NovaBay Pharmaceuticals, Inc. (NYSE Amex:NBY), a clinical stage biotechnology company developing first-in-class, anti-infective compounds for the treatment and prevention of antibiotic-resistant infections, delivered two poster presentations on its compounds at the 48th Annual Meeting of the Infectious Diseases Society of America (IDSA) in Vancouver, Canada.
The presentations included new data from clinical and preclinical studies of NovaBay's Aganocide® compounds, which have shown to be highly effective against bacteria, including some multi-drug resistant strains (such as MRSA), viruses and fungi in preclinical testing.
Ron Najafi, Chairman and CEO of NovaBay, said, "These presentations illustrated compelling clinical evidence of effectiveness in the treatment of impetigo and preclinical effectiveness for the treatment of nail fungus infection. The versatility and power of these compounds have been vividly demonstrated as a result."
NovaBay's pipeline of Aganocide compounds is being studied in numerous preclinical and clinical programs. Three clinical programs of the company's lead Aganocide drug candidate are under way for the treatment of impetigo, a highly contagious skin infection; urinary catheter encrustation and blockage; and conjunctivitis, or pink eye.
The posters and their conclusions were as follows:
"A Pilot Study to Evaluate the Safety and Efficacy of NVC-422 Topical Gel in Impetigo, Including MRSA"
Impetigo is a highly contagious superficial bacterial infection of the skin that affects mostly children. Most cases are caused by Staphylococcus aureus, Streptococcus pyogenes, or a mixture of both organisms. Methicillin-resistant S. aureus (MRSA) is being observed with increasing frequency in this population. Impetigo is currently being treated with antibiotic ointments, to which bacteria may develop resistance.
This randomized, sequential group, double-blind study was designed to evaluate the efficacy and safety of three different strengths of NVC-422 Topical Gel in the treatment of impetigo. A total of 129 children in the age range 2-12 presenting with impetigo were randomized for treatment with NVC-422 topical gel three times daily for 7 days. Efficacy evaluations, compared to baseline, were conducted at the end of treatment and one week later.
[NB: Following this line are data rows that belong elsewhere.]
Lemma sumn_le_size_mul (s : seq nat) b : all (fun x => x < b.+1) s -> sumn s <= size s * b.
Proof. by elim: s => //= x s IHs /andP[lt_x /IHs]; rewrite mulSn; apply: leq_add. Qed.

Lemma find_iotaE (P : pred nat) n k : k < n -> P k -> (forall j, j < k -> ~~ P j) ->
  find P (iota 0 n) = k.
Proof.
move=> lt_kn Pk notP; case: findP => [/hasPn/(_ k)|i].
  by rewrite mem_iota lt_kn Pk => /(_ isT).
rewrite size_iota => lt_in /(_ 0) Pi before_i; rewrite nth_iota ?add0n // in Pi.
case: (ltngtP i k) => [/notP|lt_ki|//]; first by rewrite Pi.
by have := before_i 0 k lt_ki; rewrite nth_iota ?add0n ?Pk // (ltn_trans lt_ki).
Qed.

(** * Binomial estimates *)

Lemma leq_expn2r m n e : m <= n -> m ^ e <= n ^ e.
Proof. by case: e => // e le_mn; rewrite leq_exp2r. Qed.

Lemma ffact_bounds x k : (x - k) ^ k <= x ^_ k <= x ^ k.
Proof.
rewrite ffact_prod -(card_ord k) -!prod_nat_const card_ord.
by apply/andP; split; apply: leq_prod => i _; have := ltn_ord i; lia.
Qed.

Lemma subn_exp_leq a b q : b <= a -> a ^ q - b ^ q <= (a - b) * q * a ^ q.-1.
Proof.
move=> le_ba; rewrite subn_exp -mulnA leq_mul2l -[q in q * _](card_ord q).
rewrite -sum_nat_const leq_sum ?orbT // => i _.
rewrite (leq_trans (leq_mul (leqnn _) (leq_expn2r i le_ba))) // -expnD subnK //.
by have := ltn_ord i; lia.
Qed.

Lemma binomial_bounds n c q : 0 < q -> c <= q.+1 ->
  (n - q.+1) ^ q <= (if c <= n then 'C(n - c + q, q) else 0) * q`! <= (n + q.+1) ^ q.
Proof.
move=> q_gt0 le_cq; case: (leqP c n) => [le_cn|lt_nc]; last first.
  by rewrite mul0n (_ : n - q.+1 = 0) ?exp0n //; lia.
rewrite bin_ffact; have /andP[lo hi] := ffact_bounds (n - c + q) q.
by apply/andP; split; [apply: leq_trans lo | apply: leq_trans hi _];
  apply: leq_expn2r; lia.
Qed.

Local Open Scope ring_scope.

Lemma ler_dist_natdiv (R : realFieldType) (a b Q D : nat) : (0 < Q)%N ->
  (a * Q <= b + D)%N -> (b <= a * Q + D)%N -> `|a%:R - b%:R / Q%:R : R| <= D%:R.
Proof.
move=> Q_gt0 hi lo; have Q_neq0 : Q%:R != 0 :> R by rewrite pnatr_eq0 -lt0n.
have -> : a%:R - b%:R / Q%:R = ((a * Q)%:R - b%:R) / Q%:R :> R.
  by rewrite natrM mulrBl mulfK.
rewrite normrM normfV normr_nat ler_pdivrMr ?ltr0n //.
have D_le : D%:R <= D%:R * Q%:R :> R by rewrite -natrM ler_nat leq_pmulr.
move: hi lo; rewrite -!(ler_nat R) !natrD => hi lo.
rewrite ler_norml; apply/andP; split; lra.
Qed.

Lemma binomial_approx (R : realFieldType) n c q : (0 < q)%N -> (c <= q.+1)%N ->
  `|(if (c <= n)%N then 'C(n - c + q, q) else 0%N)%:R - (n ^ q)%:R / (q`!)%:R : R|
    <= (2 * q.+1 * q * (n + q.+1) ^ q.-1)%:R.
Proof.
move=> q_gt0 le_cq; have /andP[lo hi] := binomial_bounds n q_gt0 le_cq.
have le_n : ((n - q.+1) ^ q <= n ^ q <= (n + q.+1) ^ q)%N.
  by rewrite !leq_expn2r ?leq_subr ?leq_addr.
apply: le_trans (ler_dist_natdiv _ (D := (n + q.+1) ^ q - (n - q.+1) ^ q) (fact_gt0 q) _ _) _;
  try by move: le_n; lia.
rewrite ler_nat (leq_trans (subn_exp_leq _ (leq_trans (leq_subr _ _) (leq_addr _ _)))) //.
by rewrite leq_mul // leq_mul //; lia.
Qed.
Clinical and bacteriological response rates for the three concentrations of drug applied ranged from 84% to 95% at end of treatment and at follow up. These response rates were substantially higher than the response rate anticipated for placebo (30-50%). Notably, response rates for MRSA infections were 100% (10/10) across all treatment groups. The clinical and bacteriological response rates across the treatment groups suggested a dose response, although differences were not statistically significant. Infrequent adverse events were mild to moderate in severity and were predominantly local reactions at the application site. All adverse events resolved after the end of treatment.
This proof of concept study provided compelling evidence of the activity of NVC-422 topical gel in the treatment of impetigo.
"In Vitro Evaluation of the Antifungal Activity of NVC-422 (N,N-dichloro-2,2-dimethyltaurine) using a Novel Cadaver Nail Model"
Onychomycosis is the most commonly diagnosed nail disorder. Topical treatment of the infection is limited by the inability of currently available drugs to penetrate the human nail. NovaBay's lead Aganocide compound, NVC-422 is a hydrophilic agent with potent antimicrobial activity making it a good candidate to be evaluated in a human clinical trial.
NovaBay has used other validated in vitro models and presented the results during the 47th IDSA annual meeting in 2009 ("In Vitro Evaluation of Stable Derivatives of the Chlorotaurines on Infected Human Nail Model as Potent Antifungal Agents for the Treatment") conducted by MedPharm Ltd.
This new study was conducted using a novel in vitro infected human nail model to evaluate and confirm the ability of novel NVC-422 gel formulations and nanoemulsion lacquers to penetrate and kill fungi grown on the subungal side of the infected nail. The study was conducted at University Hospitals Case Medical Center, Center for Medical Mycology, Cleveland, OH, USA.
These most recent data showed that NVC-422 was able to penetrate the nail and effectively eradicate T. mentagrophytes and T. rubrum. The study also confirmed our earlier studies using a completely different approach. Further evaluation of NVC-422 is warranted.